══ SUPPLIED MATERIAL ══
(* Let $k\ge 2$. If $G$ is a finite simple graph admitting a closed neighborhood balanced $k$-coloring, then the Cartesian product $G\,\square\, K_2$ admits a neighborhood-balanced $k$-coloring.
   Context: For a vertex $v$, $N(v)=\{u: uv\in E\}$ and $N[v]=N(v)\cup\{v\}$. A neighborhood-balanced $k$-coloring of a graph is a map $c:V\to\{1,\dots,k\}$ such that for every vertex $v$ the numbers $|\{u\in N(v): c(u)=i\}|$, $i=1,\dots,k$, are all equal; a closed neighborhood balanced $k$-coloring is defined likewise with $N[v]$ in place of $N(v)$. The Cartesian product $G\,\square\,H$ has vertex set $V(G)\times V(H)$, with $(g,h)$ adjacent to $(g',h')$ iff ($g=g'$ and $hh'\in E(H)$) or ($h=h'$ and $gg'\in E(G)$). *)

From mathcomp Require Import all_boot.
Set Implicit Arguments. Unset Strict Implicit. Unset Printing Implicit Defensive.

Definition simple_graph (T : finType) (e : rel T) : Prop :=
  symmetric e /\ irreflexive e.

Definition open_nbhd (T : finType) (e : rel T) (v : T) : {set T} :=
  [set u | e v u].
Definition closed_nbhd (T : finType) (e : rel T) (v : T) : {set T} :=
  v |: open_nbhd e v.

Definition color_count (T : finType) (k : nat) (c : T -> 'I_k)
  (S : {set T}) (i : 'I_k) : nat := #|[set u in S | c u == i]|.

Definition nbhd_balanced (T : finType) (e : rel T) (k : nat) (c : T -> 'I_k) : Prop :=
  forall v : T, forall i j : 'I_k,
    color_count c (open_nbhd e v) i = color_count c (open_nbhd e v) j.

Definition closed_nbhd_balanced (T : finType) (e : rel T) (k : nat) (c : T -> 'I_k) : Prop :=
  forall v : T, forall i j : 'I_k,
    color_count c (closed_nbhd e v) i = color_count c (closed_nbhd e v) j.

Definition K2_rel : rel bool := fun a b => a != b.

Definition cart_prod (T U : finType) (e : rel T) (f : rel U) : rel (T * U) :=
  fun x y => ((x.1 == y.1) && f x.2 y.2) || ((x.2 == y.2) && e x.1 y.1).

From mathcomp Require Import all_boot.

Set Implicit Arguments.
Unset Strict Implicit.
Unset Printing Implicit Defensive.

(* Colour (v, b) by c v.  In G □ K_2 the neighbours of (v, b) are (v, ~~ b) and the
   (u, b) with u ∈ N(v); projecting to the first coordinate maps this open
   neighbourhood bijectively onto N[v], so a closed neighbourhood balanced colouring
   of G pulls back to a neighbourhood balanced colouring of G □ K_2. *)

Lemma color_count_imset (T U : finType) (k : nat) (c : T -> 'I_k)
    (f : T -> U) (g : U -> T) :
  cancel f g -> forall (S : {set T}) (i : 'I_k),
  color_count (c \o g) (f @: S) i = color_count c S i.
Proof.
move=> fK S i; rewrite /color_count -(card_imset _ (can_inj fK)).
congr #|pred_of_set _|; apply/setP => y; rewrite inE.
apply/andP/imsetP => [[/imsetP [x Sx ->]] | [x]].
- by rewrite /= fK => cx; exists x; rewrite // inE Sx.
- by rewrite inE => /andP [Sx cx] ->; rewrite /= fK imset_f.
Qed.

Definition K2_lift (T : finType) (v : T) (b : bool) (u : T) : T * bool :=
  (u, (u == v) (+) b).

Lemma open_nbhd_cart_prod_K2 (T : finType) (e : rel T) :
  irreflexive e -> forall (v : T) (b : bool),
  open_nbhd (cart_prod e K2_rel) (v, b) = K2_lift v b @: closed_nbhd e v.
Proof.
move=> irr v b; apply/setP => -[u b'].
have -> : ((u, b') \in K2_lift v b @: closed_nbhd e v)
          = (u \in closed_nbhd e v) && (b' == (u == v) (+) b).
  by apply/imsetP/andP => [[w Sw [-> ->]] | [Su /eqP ->]]; [split | exists u].
rewrite !inE /cart_prod /K2_rel /=.
case: (eqVneq u v) => [-> | _] /=; first by rewrite irr andbF orbF; case: b b' => [] [].
by rewrite andbC eq_sym.
Qed.

Theorem theorem2p19 (T : finType) (e : rel T) (k : nat) :
  2 <= k ->
  simple_graph e ->
  (exists c : T -> 'I_k, closed_nbhd_balanced e c) ->
  exists c' : T * bool -> 'I_k, nbhd_balanced (cart_prod e K2_rel) c'.
Proof.
move=> _ [_ irr] [c balanced]; exists (c \o fst) => -[v b] i j.
have liftK : cancel (K2_lift v b) fst by [].
by rewrite open_nbhd_cart_prod_K2 // !(color_count_imset c liftK); apply: balanced.
Qed.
═══
- EXERCISE INSTRUCTIONS: Every line above should be written out again exactly as it stands.

- ANSWER TO THE EXERCISE:
(* Let $k\ge 2$. If $G$ is a finite simple graph admitting a closed neighborhood balanced $k$-coloring, then the Cartesian product $G\,\square\, K_2$ admits a neighborhood-balanced $k$-coloring.
   Context: For a vertex $v$, $N(v)=\{u: uv\in E\}$ and $N[v]=N(v)\cup\{v\}$. A neighborhood-balanced $k$-coloring of a graph is a map $c:V\to\{1,\dots,k\}$ such that for every vertex $v$ the numbers $|\{u\in N(v): c(u)=i\}|$, $i=1,\dots,k$, are all equal; a closed neighborhood balanced $k$-coloring is defined likewise with $N[v]$ in place of $N(v)$. The Cartesian product $G\,\square\,H$ has vertex set $V(G)\times V(H)$, with $(g,h)$ adjacent to $(g',h')$ iff ($g=g'$ and $hh'\in E(H)$) or ($h=h'$ and $gg'\in E(G)$). *)

From mathcomp Require Import all_boot.
Set Implicit Arguments. Unset Strict Implicit. Unset Printing Implicit Defensive.

Definition simple_graph (T : finType) (e : rel T) : Prop :=
  symmetric e /\ irreflexive e.

Definition open_nbhd (T : finType) (e : rel T) (v : T) : {set T} :=
  [set u | e v u].
Definition closed_nbhd (T : finType) (e : rel T) (v : T) : {set T} :=
  v |: open_nbhd e v.

Definition color_count (T : finType) (k : nat) (c : T -> 'I_k)
  (S : {set T}) (i : 'I_k) : nat := #|[set u in S | c u == i]|.

Definition nbhd_balanced (T : finType) (e : rel T) (k : nat) (c : T -> 'I_k) : Prop :=
  forall v : T, forall i j : 'I_k,
    color_count c (open_nbhd e v) i = color_count c (open_nbhd e v) j.

Definition closed_nbhd_balanced (T : finType) (e : rel T) (k : nat) (c : T -> 'I_k) : Prop :=
  forall v : T, forall i j : 'I_k,
    color_count c (closed_nbhd e v) i = color_count c (closed_nbhd e v) j.

Definition K2_rel : rel bool := fun a b => a != b.

Definition cart_prod (T U : finType) (e : rel T) (f : rel U) : rel (T * U) :=
  fun x y => ((x.1 == y.1) && f x.2 y.2) || ((x.2 == y.2) && e x.1 y.1).

From mathcomp Require Import all_boot.

Set Implicit Arguments.
Unset Strict Implicit.
Unset Printing Implicit Defensive.

(* Colour (v, b) by c v.  In G □ K_2 the neighbours of (v, b) are (v, ~~ b) and the
   (u, b) with u ∈ N(v); projecting to the first coordinate maps this open
   neighbourhood bijectively onto N[v], so a closed neighbourhood balanced colouring
   of G pulls back to a neighbourhood balanced colouring of G □ K_2. *)

Lemma color_count_imset (T U : finType) (k : nat) (c : T -> 'I_k)
    (f : T -> U) (g : U -> T) :
  cancel f g -> forall (S : {set T}) (i : 'I_k),
  color_count (c \o g) (f @: S) i = color_count c S i.
Proof.
move=> fK S i; rewrite /color_count -(card_imset _ (can_inj fK)).
congr #|pred_of_set _|; apply/setP => y; rewrite inE.
apply/andP/imsetP => [[/imsetP [x Sx ->]] | [x]].
- by rewrite /= fK => cx; exists x; rewrite // inE Sx.
- by rewrite inE => /andP [Sx cx] ->; rewrite /= fK imset_f.
Qed.

Definition K2_lift (T : finType) (v : T) (b : bool) (u : T) : T * bool :=
  (u, (u == v) (+) b).

Lemma open_nbhd_cart_prod_K2 (T : finType) (e : rel T) :
  irreflexive e -> forall (v : T) (b : bool),
  open_nbhd (cart_prod e K2_rel) (v, b) = K2_lift v b @: closed_nbhd e v.
Proof.
move=> irr v b; apply/setP => -[u b'].
have -> : ((u, b') \in K2_lift v b @: closed_nbhd e v)
          = (u \in closed_nbhd e v) && (b' == (u == v) (+) b).
  by apply/imsetP/andP => [[w Sw [-> ->]] | [Su /eqP ->]]; [split | exists u].
rewrite !inE /cart_prod /K2_rel /=.
case: (eqVneq u v) => [-> | _] /=; first by rewrite irr andbF orbF; case: b b' => [] [].
by rewrite andbC eq_sym.
Qed.

Theorem theorem2p19 (T : finType) (e : rel T) (k : nat) :
  2 <= k ->
  simple_graph e ->
  (exists c : T -> 'I_k, closed_nbhd_balanced e c) ->
  exists c' : T * bool -> 'I_k, nbhd_balanced (cart_prod e K2_rel) c'.
Proof.
move=> _ [_ irr] [c balanced]; exists (c \o fst) => -[v b] i j.
have liftK : cancel (K2_lift v b) fst by [].
by rewrite open_nbhd_cart_prod_K2 // !(color_count_imset c liftK); apply: balanced.
Qed.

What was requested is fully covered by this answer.